My thirteen year old is starting to get a handle on her online classes. When we started the year, I expected that both the course material, and the reality of signing in every day and keeping up with the class and the teacher, would be an uphill climb. As I said to her when we were both anxious and stressed on the first day of class, “what I am doing is flinging you into the deep end of an Olympic sized pool. It’s going to be awful. You’re going to feel like you’re drowning. You’re going to splutter and struggle and panic. But, because you do know how to swim, it’s going to be ok.” Or words to that effect, in many variations.
And, what I expected indeed came to pass. She was horrified by the amount of work. Heh heh heh. She was shocked to find that when she didn’t study, she couldn’t pass. None of it, or not very much of it, could be blamed on me. I was as helpful as possible, but in the end, she had to do the work and had to learn the material.
Part of the learning curve has been figuring out when she can study without interruption. She’s tried the evenings. She’s tried the afternoons. Finally she discovered that if she gets up at 6am and goes by herself into the dining room, she can do all her work before anyone else, save her father, is even up. No longer does she have to make decisions about whether to study or whether to play, she has already studied.
“It’s perfect” she keeps saying. Which is great, because her expectations of happiness are so significantly lowered, and her understanding of the kind of work that’s required for success has so increased, that she thinks that waking up really early and doing math is “perfect”. In some sense, I have arrived. I’ve done all I can do as a mother and I’m popping open the champagne. If I’ve prayed for anything….well, this is one of the things that I’ve prayed for.
Like so many, including myself, she is bewitched by the idea that if she could just arrive at the perfect arrangement of her time, all her troubles would go away. If I can just cram this task into this slot, then all the other tasks will miraculously fall into order and perfection. The liberal thinks that Utopia can be reached through the narrowing and managing of ideas (and how ironic is that), whereas I always believe (wrongly) that if I just develop the perfect schedule, and acquire the perfect handbag (but that’s another subject for another day), I will have attained to some better, happier plane.
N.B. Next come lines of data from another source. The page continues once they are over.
Lemma eventually_small_max (u : int -> R) k0 : eventually_small u -> 0 < u k0 ->
  exists ks, forall k, u k <= u ks.
Proof.
move=> du uk0; have [N HN] := du _ uk0.
have window k : (`|k| < N)%N -> (absz (k + N%:Z)%R < N + N)%N by lia.
have hk0 : (`|k0| < N)%N by rewrite ltnNge; apply/negP => /HN; rewrite ltxx.
pose F (j : 'I_(N + N)) := Num.max 0 (u (j%:Z - N%:Z)).
have [i0 _ Hi0] := @eq_bigmax _ _ _ 0 (Ordinal (window _ hk0)) xpredT F isT
  (fun i _ => ltac:(by rewrite le_max lexx)).
have F_ge k (hk : (`|k| < N)%N) : u k <= F (Ordinal (window _ hk)).
  by rewrite /F /= le_max (_ : _ - _ = k) ?lexx ?orbT //; lia.
have uk0_le : u k0 <= F i0 by rewrite -Hi0; apply: le_trans (F_ge _ hk0) (le_bigmax _ _ _).
have Fi0 : F i0 = u (i0%:Z - N%:Z).
  apply/max_idPr; apply: le_trans (ltW uk0) _; move: uk0_le; rewrite le_max.
  by case/orP => // h; move: (lt_le_trans uk0 h); rewrite ltxx.
exists (i0%:Z - N%:Z) => k; rewrite -Fi0.
case: (leqP N `|k|) => hk; first by apply: le_trans (ltW (HN _ hk)) uk0_le.
by rewrite -Hi0; apply: le_trans (F_ge _ hk) (le_bigmax _ _ _).
Qed.

Definition least_argmax (u : int -> R) (ks : int) :=
  (forall k, u k <= u ks) /\ (forall k, k < ks -> u k < u ks).

Lemma eventually_small_least_argmax (u : int -> R) k0 :
  eventually_small u -> 0 < u k0 -> exists ks, least_argmax u ks.
Proof.
move=> du uk0; have [km Hkm] := eventually_small_max du uk0.
have [N HN] := du _ uk0.
pose P t := `[< forall k, u k <= u (t%:Z - N%:Z) >].
have hkm : (`|km| < N)%N by rewrite ltnNge; apply/negP => /HN; rewrite ltNge Hkm.
have exP : exists t, P t.
  by exists (absz (km + N%:Z)%R); apply/asboolP; rewrite (_ : _ - _ = km) //; lia.
case: (ex_minnP exP) => t /asboolP Pt tmin.
exists (t%:Z - N%:Z); split => // k hk.
case: (leqP N `|k|) => hN; first by apply: lt_le_trans (HN _ hN) (Pt k0).
rewrite lt_neqAle Pt andbT; apply/eqP => e.
have : (t <= absz (k + N%:Z)%R)%N.
  by apply: tmin; apply/asboolP; rewrite (_ : _ - _ = k) ?e //; lia.
lia.
Qed.

End IntSeqMax.

Import numFieldNormedType.Exports.
Local Open Scope classical_set_scope.

(* [limn] returns the junk value 0 on divergent sequences, hence the hypothesis
   that the limit is nonzero. *)
Lemma limn_root_ge (R : realType) (u : nat -> R) (c : R) : 0 < c ->
  (forall s, (0 < s)%N -> u s = 0 \/ c ^+ s <= u s) ->
  limn (fun s : nat => powR (u s) s%:R^-1) != 0 ->
  c <= limn (fun s : nat => powR (u s) s%:R^-1).
Proof.
move=> c0 H L0; set v := fun s : nat => _.
have cv : cvgn v by apply: cvgNpoint.
have L_gt0 : 0 < limn v.
  by rewrite lt_def L0 /=; apply: limr_ge cv _; apply: nearW => s; apply: powR_ge0.
have v_gt0 : \forall s \near \oo, 0 < v s by apply: (cvgr_gt (limn v) cv 0 L_gt0).
apply: limr_ge cv _; near=> s.
have vs0 : 0 < v s by near: s.
have s0 : (0 < s)%N by near: s; exists 1%N.
have sR : (s%:R : R) != 0 by rewrite pnatr_eq0 -lt0n.
case: (H s s0) => [us0|hs].
  by move: vs0; rewrite /v us0 powR0 ?ltxx // invr_eq0.
have -> : c = powR (c ^+ s) s%:R^-1.
  by rewrite -powR_mulrn ?ltW // -powRrM mulfV // powRr1 // ltW.
apply: ge0_ler_powR => //; rewrite ?invr_ge0 ?ler0n // nnegrE ?exprn_ge0 ?ltW //.
exact: lt_le_trans (exprn_gt0 s c0) hs.
Unshelve. all: by end_near.
Qed.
The reason I’m circling around this is because the NYT has discovered, yet again, that the modern family is stressed. This is as novel and surprising as the Swedes discovering that if you put one foot in front of the other more swiftly, you’ll get where you are going faster. ‘What are we gonna do?’ all the researchers and social scientists are wailing. With men and women both working there’s not enough time, there’s not enough of anything. The baby needs more time, and the work needs more time, and the individual person needs more time. Let’s have paid leave for both partners when the baby comes. And better, more free, after school care. Also, let’s have the men recognize that they’re not pulling their weight with the housework. Here’s a terrible problem, let’s rearrange the time and the money and that will fix it and then we’ll all be happy.
But see, as I try to tell myself every day, it’s not the time and the money. Even when I eliminate all the stress from my life and have the perfect schedule, I’m still not happy because I’m the problem. Me, I’m the one that makes utopia impossible. And you. Not just me. Each individual is the problem. Systems can alleviate some stress and produce a temporary happiness and relief, but they are as a fleeting shadow. As soon as Elphine has to face a new class schedule, the perfect dream that she has now will be shattered. And the only reason she thinks it’s a perfect dream is because it’s better than what she had before. If you’re in rotten pain and stress and then one of the pains goes away, you believe yourself to be thrillingly happy.
The only way that the modern family can be relieved of its stress, I think, is for the modern family to hideously and tragically lower its expectations. You can’t have both people work full time and keep house and enjoy your baby. You’re not God. You’re not omnipresent. You can juggle it, you can make it work, but you can’t live a stress free happy life. I understand that nobody wants to do this, and that it’s not understood to be the American way, but without the concept of personal sacrifice, without lowering of the expectations of what everyone thinks should be happening to them, happiness isn’t going to overflow and transform the American family and landscape. Difficult choices have to be made. Do you want more money? More time with baby? More time for yourself?
Interestingly, in the NYT article, white college educated people registered the most stress. Other ethnicities are poorer, and are working hard, but the great burden of stress is being born by the white middle class. But isn’t it us, in the white, bourgeois, college educated, American insanity who have been come to believe that we can have it all? That the baby and the job and the ego of the man will not conflict? That it is only an arrangement of time and money that is the problem? You can’t tell me that an African American single mother is not stressed, but, unhappily, her expectations are generally so low, she is happy if she gets to put her feet up in the evening for a few minutes. The system doesn’t particularly help her, but she’s not expecting it to. Whereas the woman with her masters degree and her husband and baby in tow is exhausted both by the work, and by the insanity of trying to juggle all the components.
As the world becomes poorer, narrower, and more violent I think happiness is actually on the horizon. As the money and opportunity dry up, so will all the expectations of happiness, at which point, Joy might begin to creep in.